Personal information
- Born: 11 October 1934 Leeds, England
- Died: 27 April 2016 (aged 81)

Chess career
- Country: England

= Michael Haygarth =

English chess player

Michael John Haygarth (11 October 1934 – 27 April 2016) was an English chess player, British Chess Championship winner (1964).

==Biography==
From the late 1950s to the mid-1970s, Michael Haygarth was one of England's leading chess players. He was British Chess Championship multiplier participant (1955–1979), achieving good results. In 1959, Michael Haygarth shared 1st–3rd place with Jonathan Penrose and Harry Golombek in British Chess Championship but left in 2nd place in an additional tournament where Penrose won. In 1964, in Whitby he won British Chess Championship. In 1974, Michael Haygarth shared 1st–7th place in British Chess Championship but left in 4th place in an additional tournament. In 1976, he shared 3rd-4th place in British Chess Championship.

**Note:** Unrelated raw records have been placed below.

(* Let $\delta\in(0,1/2)$, $\beta\in(0,1]$, and let $\mu\ge 0$, $\nu\ge 1$ be constants. Let $\mathcal A$ be an online bin packing algorithm such that on every input list $J$: (i) all bins in its packing that contain only small items, except at most $\mu$ of them, have total size at least $1-\delta$; and (ii) the number of bins in its packing containing at least one large item is at most $\nu|J_\ell|$ (where $J_\ell$ is the set of large items of $J$). Let $I$ be a list of $n$ items drawn independently from a common distribution on $(0,1]$ and let $J$ be the prefix of $I$ of length $\beta n$. Then, with probability tending to $1$ as $\mathbb E[\mathrm{Opt}(I)]\to\infty$, $$\mathcal A(J)\le \frac{2\beta\nu}{\delta(1-\delta)}\,\mathbb E[\mathrm{Opt}(I)]+o\big(\mathbb E[\mathrm{Opt}(I)]\big).$$
   Context: $\mathrm{Opt}(L)$ is the minimum number of unit-capacity bins needed to pack list $L$ and $\mathcal A(L)$ the number of bins used by $\mathcal A$. An item is large if its size is at least $\delta$ and small otherwise. *)

From HB Require Import structures.
From mathcomp Require Import all_boot all_order all_algebra.
From mathcomp Require Import all_classical all_reals all_analysis.
Set Implicit Arguments. Unset Strict Implicit. Unset Printing Implicit Defensive.
Import Order.TTheory GRing.Theory Num.Theory.
Local Open Scope classical_set_scope.
Local Open Scope ring_scope.

Section BinPacking.
Variable R : realType.

(* A list of items is a seq R; a packing of L is a map f : nat -> nat
   assigning item i (i < size L) to bin f i. *)
Definition items_ok (L : seq R) : bool := all (fun x => 0 < x <= 1) L.

Definition load (L : seq R) (f : nat -> nat) (b : nat) : R :=
  \sum_(0 <= i < size L | f i == b) L`_i.

Definition valid_packing (L : seq R) (f : nat -> nat) : Prop :=
  forall b, load L f b <= 1.

Definition packable (L : seq R) (k : nat) : Prop :=
  exists f : nat -> nat,
    (forall i, (i < size L)%N -> (f i < k)%N) /\ valid_packing L f.

Lemma packable_ex_bool (L : seq R) :
  (exists k, packable L k) -> exists k, `[< packable L k >].
Proof. by move=> [k Hk]; exists k; apply/asboolP. Qed.

(* Opt(L): minimum number of unit-capacity bins needed to pack L
   (0 by convention if L is not packable, which never happens for items in (0,1]) *)
Definition Opt (L : seq R) : nat :=
  match pselect (exists k, packable L k) with
  | left h => ex_minn (packable_ex_bool h)
  | right _ => 0%N
  end.

(* An (online) algorithm: alg L i is the bin to which item i of input L is assigned. *)
Definition bins_used (alg : seq R -> nat -> nat) (L : seq R) : seq nat :=
  undup [seq alg L i | i <- iota 0 (size L)].

Definition nbins (alg : seq R -> nat -> nat) (L : seq R) : nat :=
  size (bins_used alg L).

Definition bin_items (L : seq R) (f : nat -> nat) (b : nat) : seq R :=
  [seq L`_i | i <- [seq i <- iota 0 (size L) | f i == b]].

Definition online_algorithm (alg : seq R -> nat -> nat) : Prop :=
  (forall L, items_ok L -> valid_packing L (alg L)) /\
  (forall L t i, (i < size L)%N -> alg (L ++ t) i = alg L i).

Definition is_small (delta x : R) : bool := x < delta.
Definition is_large (delta x : R) : bool := delta <= x.

Definition condition_i (delta mu : R) (alg : seq R -> nat -> nat) : Prop :=
  forall L, items_ok L ->
    (count (fun b => all (is_small delta) (bin_items L (alg L) b)
                     && (load L (alg L) b < 1 - delta))
           (bins_used alg L))%:R <= mu.

Definition condition_ii (delta nu : R) (alg : seq R -> nat -> nat) : Prop :=
  forall L, items_ok L ->
    (count (fun b => has (is_large delta) (bin_items L (alg L) b))
           (bins_used alg L))%:R
    <= nu * (count (is_large delta) L)%:R.

Definition beta_prefix (beta : R) (L : seq R) : seq R :=
  take (Num.truncn (beta * (size L)%:R)) L.

End BinPacking.

Section Random.
Local Open Scope ereal_scope.
Variables (R : realType) (d : measure_display) (T : measurableType d).

Definition iid_items (P : probability T R) (X : nat -> T -> R) (n : nat) : Prop :=
  (forall i, measurable_fun setT (X i)) /\
  (forall i w, (0 < X i w <= 1)%R) /\
  (forall i (B : set R), measurable B -> P (X i @^-1` B) = P (X 0%N @^-1` B)) /\
  (forall B : nat -> set R, (forall i, measurable (B i)) ->
     P (\bigcap_(i in [set k | (k < n)%N]) (X i @^-1` B i))
     = \prod_(i < n) P (X i @^-1` B i)).

Definition rand_list (X : nat -> T -> R) (n : nat) (w : T) : seq R :=
  [seq X i w | i <- iota 0 n].

Definition EOpt (P : probability T R) (X : nat -> T -> R) (n : nat) : \bar R :=
  \int[P]_w ((Opt (rand_list X n w))%:R)%:E.

End Random.

(* Deterministically, (i) and (ii) give A(J) <= mu + (1/(1-delta) + nu/delta) s(J), where
   s(J) is the total size of J: a bin without large items is one of the mu exceptions or has
   load at least 1 - delta, and at most nu |J_l| <= nu s(J) / delta bins contain a large item.
   As s(I) <= Opt(I) and 1/(1-delta) + nu/delta <= 2 nu / (delta (1 - delta)), it remains to
   show that s(J) exceeds beta E[Opt(I)] by more than o(E[Opt(I)]) only with small
   probability. This is Chebyshev's inequality, since the variance of a sum of pairwise
   uncorrelated [0,1]-valued variables is at most its mean. To obtain uncorrelatedness from
   the product rule defining independence, each item is rounded down to the grid (1/n)N: it
   then becomes a combination of indicators of preimages of intervals, and the rounding
   changes s(J) by at most 1. *)

From HB Require Import structures.
From mathcomp Require Import all_boot all_order all_algebra.
From mathcomp Require Import all_classical all_reals all_analysis.
From mathcomp Require Import zify ring lra.
Set Implicit Arguments. Unset Strict Implicit. Unset Printing Implicit Defensive.
Import Order.TTheory GRing.Theory Num.Theory.
Local Open Scope classical_set_scope.
Local Open Scope ring_scope.

Lemma sum_nat_eq_pred1 (R : pzSemiRingType) k i (F : nat -> R) : (i < k)%N ->
  \sum_(0 <= j < k) (i == j)%:R * F j = F i.
Proof.
move=> ik; rewrite (bigD1_seq i) ?mem_iota ?iota_uniq ?add0n ?subn0 //.
have -> : (i == i) = true by apply/eqP.
rewrite mul1r big1; first exact: addr0.
move=> j ji.
have -> : (i == j) = false by apply/eqP => ij; rewrite ij eqxx in ji.
by rewrite mul0r.
Qed.

Lemma sum_nat_ltn (R : pzSemiRingType) m n :
  \sum_(0 <= l < n) (l < m)%N%:R = (minn m n)%:R :> R.
Proof.
elim: n => [|n IH]; first by rewrite big_geq // minn0.
by rewrite big_nat_recr //= IH -natrD; congr (_%:R); case: (ltnP n m) => /=; lia.
Qed.

Lemma count_mulr_le_sum (R : numDomainType) I (s : seq I) (a : pred I) (F : I -> R) c :
  (forall x, a x -> c <= F x) -> (count a s)%:R * c <= \sum_(x <- s | a x) F x.
Proof.
move=> cF; elim: s => [|x s IH]; first by rewrite big_nil mul0r.
rewrite big_cons /=; case: ifP => ax //=.
by rewrite natrD mulrDl mul1r lerD // cF.
Qed.

Section BoundedMean.
Context d (T : measurableType d) (R : realType) (P : probability T R).
Local Hint Resolve measurableT : core.

Definition bounded_mfun (f : T -> R) : Prop :=
  measurable_fun setT f /\ exists M : R, forall w, `|f w| <= M.

(* Meaningful for bounded measurable [f] only: [fine] maps an infinite integral to 0. *)
Definition mean (f : T -> R) : R := fine (\int[P]_w (f w)%:E).

Lemma bounded_mfun_integrable f : bounded_mfun f -> P.-integrable setT (EFin \o f).
Proof.
move=> [mf [M hM]]; apply: measurable_bounded_integrable => //.
  by apply: le_lt_trans (probability_le1 P measurableT) _; rewrite ltry.
exists M; split; first exact: num_real.
by move=> x Mx w _; apply: le_trans (hM w) _; apply: ltW.
Qed.

Lemma integral_mean f : bounded_mfun f -> (\int[P]_w (f w)%:E)%E = (mean f)%:E.
Proof.
move=> bf; rewrite /mean fineK //.
exact: (integrable_fin_num measurableT (bounded_mfun_integrable bf)).
Qed.
Lemma pi_pi h : feq (fsubst pi (pi h)) (pi2 h).
Proof.
case: h => -[] [|[|[|[|j]]]]; rewrite {2}/pi /pi2; gen_simpl;
  rewrite ?fsubst1 /pi; gen_simpl => //;
  rewrite fsubst_cons ?fsubst_cat ?fsubst_finv /letter_image; gen_simpl;
  rewrite ?pi_w_at // ?pi_fpow /pi; gen_simpl => //.
- by rewrite -!catA feq_invl cats0.
- by rewrite -!catA fpow_opp !feq_invl_cat.
Qed.

Lemma pi_pi2 h : feq (fsubst pi (pi2 h)) [:: (h, false)].
Proof.
case: h => -[] [|[|[|[|j]]]]; rewrite /pi2; gen_simpl;
  rewrite ?fsubst1 /pi; gen_simpl => //;
  rewrite fsubst_cons ?fsubst_cat ?fsubst_finv /letter_image; gen_simpl;
  rewrite ?pi_w_at // ?pi_fpow /pi; gen_simpl.
- by rewrite -!catA fpow_opp feq_invl_cat feq_invl.
- by rewrite feq_invr.
- by rewrite -!catA feq_invl_cat feq_invr_cat fpow_opp feq_invr.
Qed.

End ThetaComputations.

Definition u_gen : seq fvbgen :=
  let s := [:: sig 1; rho 2; sig 1; rho 2] in s ++ s ++ s.

Definition v_gen : seq fvbgen := [:: rho 2; rho 1] ++ u_gen ++ [:: rho 1; rho 2].

(* u = ((s1 r2)^2)^3 acts trivially because Theta((s1 r2)^2) has order 3,
   and hence so does its conjugate v, as the r_i are involutions. *)
Lemma theta_u_gen w m f : theta w m u_gen f = freduce f.
Proof.
rewrite /u_gen !theta_cat !theta_pi !fsubst_comp -fsubst_unit.
by apply: fsubst_ext => h; rewrite -fsubst_comp pi_pi pi_pi2.
Qed.

Lemma theta_v_gen w m f : theta w m v_gen f = freduce f.
Proof.
rewrite /v_gen theta_cat (theta_cat _ _ u_gen) theta_u_gen theta_freduce.
rewrite -theta_cat (_ : _ ++ _ = [:: rho 2] ++ [:: rho 1; rho 1] ++ [:: rho 2]) //.
by rewrite !theta_cat theta_rho_sq theta_freduce -theta_cat theta_rho_sq.
Qed.

Local Close Scope ring_scope.

Definition crossing_letter (a b : nat) : fword bool :=
  match a, b with
  | 1, 2 | 2, 3 => [:: (true, false)]
  | 2, 1 | 3, 2 => [:: (true, true)]
  | 1, 3 => [:: (false, false)]
  | 3, 1 => [:: (false, true)]
  | _, _ => [::]
  end.

Lemma crossing_letter_sym a b : crossing_letter b a = finv (crossing_letter a b).
Proof. by case: a => [|[|[|[|a]]]]; case: b => [|[|[|[|b]]]]. Qed.

Lemma crossing_letter_braid a b c :
  feq (crossing_letter a b ++ crossing_letter a c ++ crossing_letter b c)
      (crossing_letter b c ++ crossing_letter a c ++ crossing_letter a b).
Proof.
by case: a => [|[|[|[|a]]]]; case: b => [|[|[|[|b]]]]; case: c => [|[|[|[|c]]]].
Qed.

Lemma crossing_letter_comm a b c d : a != c -> a != d -> b != c -> b != d ->
  feq (crossing_letter a b ++ crossing_letter c d)
      (crossing_letter c d ++ crossing_letter a b).
Proof.
by case: a => [|[|[|[|a]]]]; case: b => [|[|[|[|b]]]]; case: c => [|[|[|[|c]]]];
  case: d => [|[|[|[|d]]]].
Qed.

(* The transposition (i i+1) of positions, and its effect on a labelling g
   of positions by strand labels. *)
Definition swap_pos (i p : nat) : nat :=
  if p == i then i.+1 else if p == i.+1 then i else p.

Definition relabel (i : nat) (g : nat -> nat) : nat -> nat := fun p => g (swap_pos i p).

Lemma swap_posK i p : swap_pos i (swap_pos i p) = p.
Proof. rewrite /swap_pos; repeat case: eqP; lia. Qed.

Lemma swap_pos_braid i p :
  swap_pos i (swap_pos i.+1 (swap_pos i p)) = swap_pos i.+1 (swap_pos i (swap_pos i.+1 p)).
Proof. rewrite /swap_pos; repeat case: eqP; lia. Qed.

Lemma swap_pos_far i j p : (i + 2 <= j) || (j + 2 <= i) ->
  swap_pos i (swap_pos j p) = swap_pos j (swap_pos i p).
Proof. move=> H; rewrite /swap_pos; repeat case: eqP; lia. Qed.

Lemma swap_pos_out i p : p != i -> p != i.+1 -> swap_pos i p = p.
Proof. by move=> /negPf H1 /negPf H2; rewrite /swap_pos H1 H2. Qed.

Fixpoint crossings (g : nat -> nat) (u : seq fvbgen) : fword bool :=
  if u is x :: u' then
    (if x.1 then crossing_letter (g x.2) (g x.2.+1) else [::]) ++
    crossings (relabel x.2 g) u'
  else [::].

Fixpoint labels (g : nat -> nat) (u : seq fvbgen) : nat -> nat :=
  if u is x :: u' then labels (relabel x.2 g) u' else g.

Lemma crossings_ext u g g' : g =1 g' -> crossings g u = crossings g' u.
Proof.
elim: u g g' => //= x u IH g g' E; rewrite !E (IH _ (relabel x.2 g')) // => p.
exact: E.
Qed.

Lemma crossings_cat g s t :
  crossings g (s ++ t) = crossings g s ++ crossings (labels g s) t.
Proof. by elim: s g => //= x s IH g; rewrite IH catA. Qed.

Lemma labels_inj g s : injective g -> injective (labels g s).
Proof.
elim: s g => //= x s IH g Hg; apply: IH => p q /Hg E.
by rewrite -(swap_posK x.2 p) E swap_posK.
Qed.

Lemma relator_invariant n l r g : fvb_relator n l r -> injective g ->
  feq (crossings g l) (crossings g r) /\ labels g l =1 labels g r.
Proof.
have eqS p : swap_pos p p = p.+1 by rewrite /swap_pos eqxx.
have eqSn p : swap_pos p p.+1 = p by rewrite /swap_pos eqxx; case: eqP; lia.
have eqS2 p : swap_pos p p.+2 = p.+2 by rewrite /swap_pos; repeat case: eqP; lia.
have eqSp p : swap_pos p.+1 p = p by rewrite /swap_pos; repeat case: eqP; lia.
have far i j : (i + 2 <= j) || (j + 2 <= i) ->
    [/\ i != j, i != j.+1, i.+1 != j & i.+1 != j.+1] by move=> H; split; apply/eqP; lia.
case=> [i _|i _|i _|i _|i _|i j _ _ H|i j _ _ H|i j _ _ H] Hg;
  rewrite /= /relabel ?cats0; try have [h1 h2 h3 h4] := far _ _ H.
- split=> [|p]; last by rewrite swap_posK.
  by rewrite eqS eqSn crossing_letter_sym feq_invl.
- by split=> // p; rewrite swap_posK.
- split=> [|p]; last by rewrite swap_pos_braid.
  by rewrite !(eqS, eqSn, eqS2, eqSp) crossing_letter_braid.
- by split=> // p; rewrite swap_pos_braid.
- split=> [|p]; last by rewrite swap_pos_braid.
  by rewrite !(eqS, eqSn, eqS2, eqSp).
- split=> [|p]; last by rewrite swap_pos_far.
  rewrite (@swap_pos_out i j) 1?eq_sym // (@swap_pos_out i j.+1) ?eqSS 1?eq_sym //.
  rewrite (@swap_pos_out j i) // (@swap_pos_out j i.+1) ?eqSS //.
  by apply: crossing_letter_comm; rewrite (inj_eq Hg).
- by split=> // p; rewrite swap_pos_far.
- split=> [|p]; last by rewrite swap_pos_far.
  by rewrite (@swap_pos_out i j) 1?eq_sym // (@swap_pos_out i j.+1) ?eqSS 1?eq_sym.
Qed.

Lemma fvb_eq_invariant n s t : fvb_eq n s t -> feq (crossings id s) (crossings id t).
Proof.
elim=> [_ _ [s1 s2 l r R]|//|s' t' _ IH|s' t' r' _ IH1 _ IH2].
- have [E1 E2] := relator_invariant R (@labels_inj id s1 (fun p q => id)).
  by rewrite !crossings_cat (crossings_ext s2 E2) E1.
- by symmetry.
- by rewrite IH1.
Qed.

Definition letter_gen (l : bool * bool) : seq fvbgen :=
  let g := if l.1 then u_gen else v_gen in if l.2 then fvb_inv g else g.

Lemma labels_letter_gen l : labels id (letter_gen l) =1 id.
Proof. by case: l => [[] []] p; case: p => [|[|[|[|p]]]]. Qed.

Definition gen_image (l : bool * bool) : fword bool :=
  let: (A, Bi) := ((true, false), (false, true)) in
  let s := if l.1 then [:: A; A; Bi; A; A; Bi] else [:: Bi; A; A; Bi; A; A] in
  if l.2 then finv s else s.

Lemma crossings_letter_gen l : crossings id (letter_gen l) = gen_image l.
Proof. by case: l => [[] []]. Qed.

Lemma crossings_subst2 W :
  crossings id (fvb_subst2 u_gen v_gen W) = flatten [seq gen_image l | l <- W].
Proof.
elim: W => // l W IH; rewrite /fvb_subst2 /= -/(letter_gen l) crossings_cat.
rewrite -/(fvb_subst2 u_gen v_gen W) -IH (crossings_ext _ (labels_letter_gen l)).
by rewrite crossings_letter_gen.
Qed.

Lemma gen_image_nil l : gen_image l != [::].
Proof. by case: l => [[] []]. Qed.

Lemma gen_image_pair l l' : l' != linv l -> reduced (gen_image l ++ gen_image l').
Proof. by case: l => [[] []]; case: l' => [[] []]. Qed.

Theorem mainTheorem10 (n : nat) (w : F2word) (m : nat -> int) :
  (3 <= n)%N ->
  exists u v : seq fvbgen,
    [/\ fvb_word n u, fvb_word n v, in_kernel n w m u, in_kernel n w m v &
        forall W : F2word, W <> [::] -> freduce W = W ->
          ~ fvb_eq n (fvb_subst2 u v W) [::]].
Proof.
move=> Hn; exists u_gen, v_gen.
have gens : (1 <= n.-1)%N && (2 <= n.-1)%N by apply/andP; split; lia.
split; try by rewrite /fvb_word /=; case/andP: gens => -> ->.
- by move=> b i _; rewrite theta_u_gen.
- by move=> b i _; rewrite theta_v_gen.
move=> W Wne Wred /fvb_eq_invariant; rewrite crossings_subst2 => Heq.
have Hred : reduced (flatten [seq gen_image l | l <- W]).
  apply: reduced_flatten; [exact: gen_image_nil|exact: gen_image_pair|].
  by rewrite -Wred; apply: reduced_freduce.
have Hnil : flatten [seq gen_image l | l <- W] = [::] by apply: feq_reduced_eq Heq Hred _.
case: W Wne Hnil {Wred Hred Heq} => // l W _ /=.
by case: (gen_image l) (gen_image_nil l).
Qed.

Michael Haygarth played for England in the Chess Olympiads:
- In 1960, at fourth board in the 14th Chess Olympiad in Leipzig (+5, =7, -3),
- In 1964, at third board in the 16th Chess Olympiad in Tel Aviv (+1, =7, -2).

Michael Haygarth played for England in the European Team Chess Championship preliminaries:
- In 1977, at eighth board in the 6th European Team Chess Championship preliminaries (+0, =2, -0),

Michael Haygarth played for England in the Clare Benedict Chess Cups:
- In 1960, at third board in the 7th Clare Benedict Chess Cup in Biel (+4, =1, -0) and won team silver and individual gold medals,
- In 1961, at third board in the 8th Clare Benedict Chess Cup in Neuhausen (+0, =3, -2) and won team bronze medal,
- In 1962, at third board in the 9th Clare Benedict Chess Cup in Bern (+1, =4, -0) and won team bronze medal.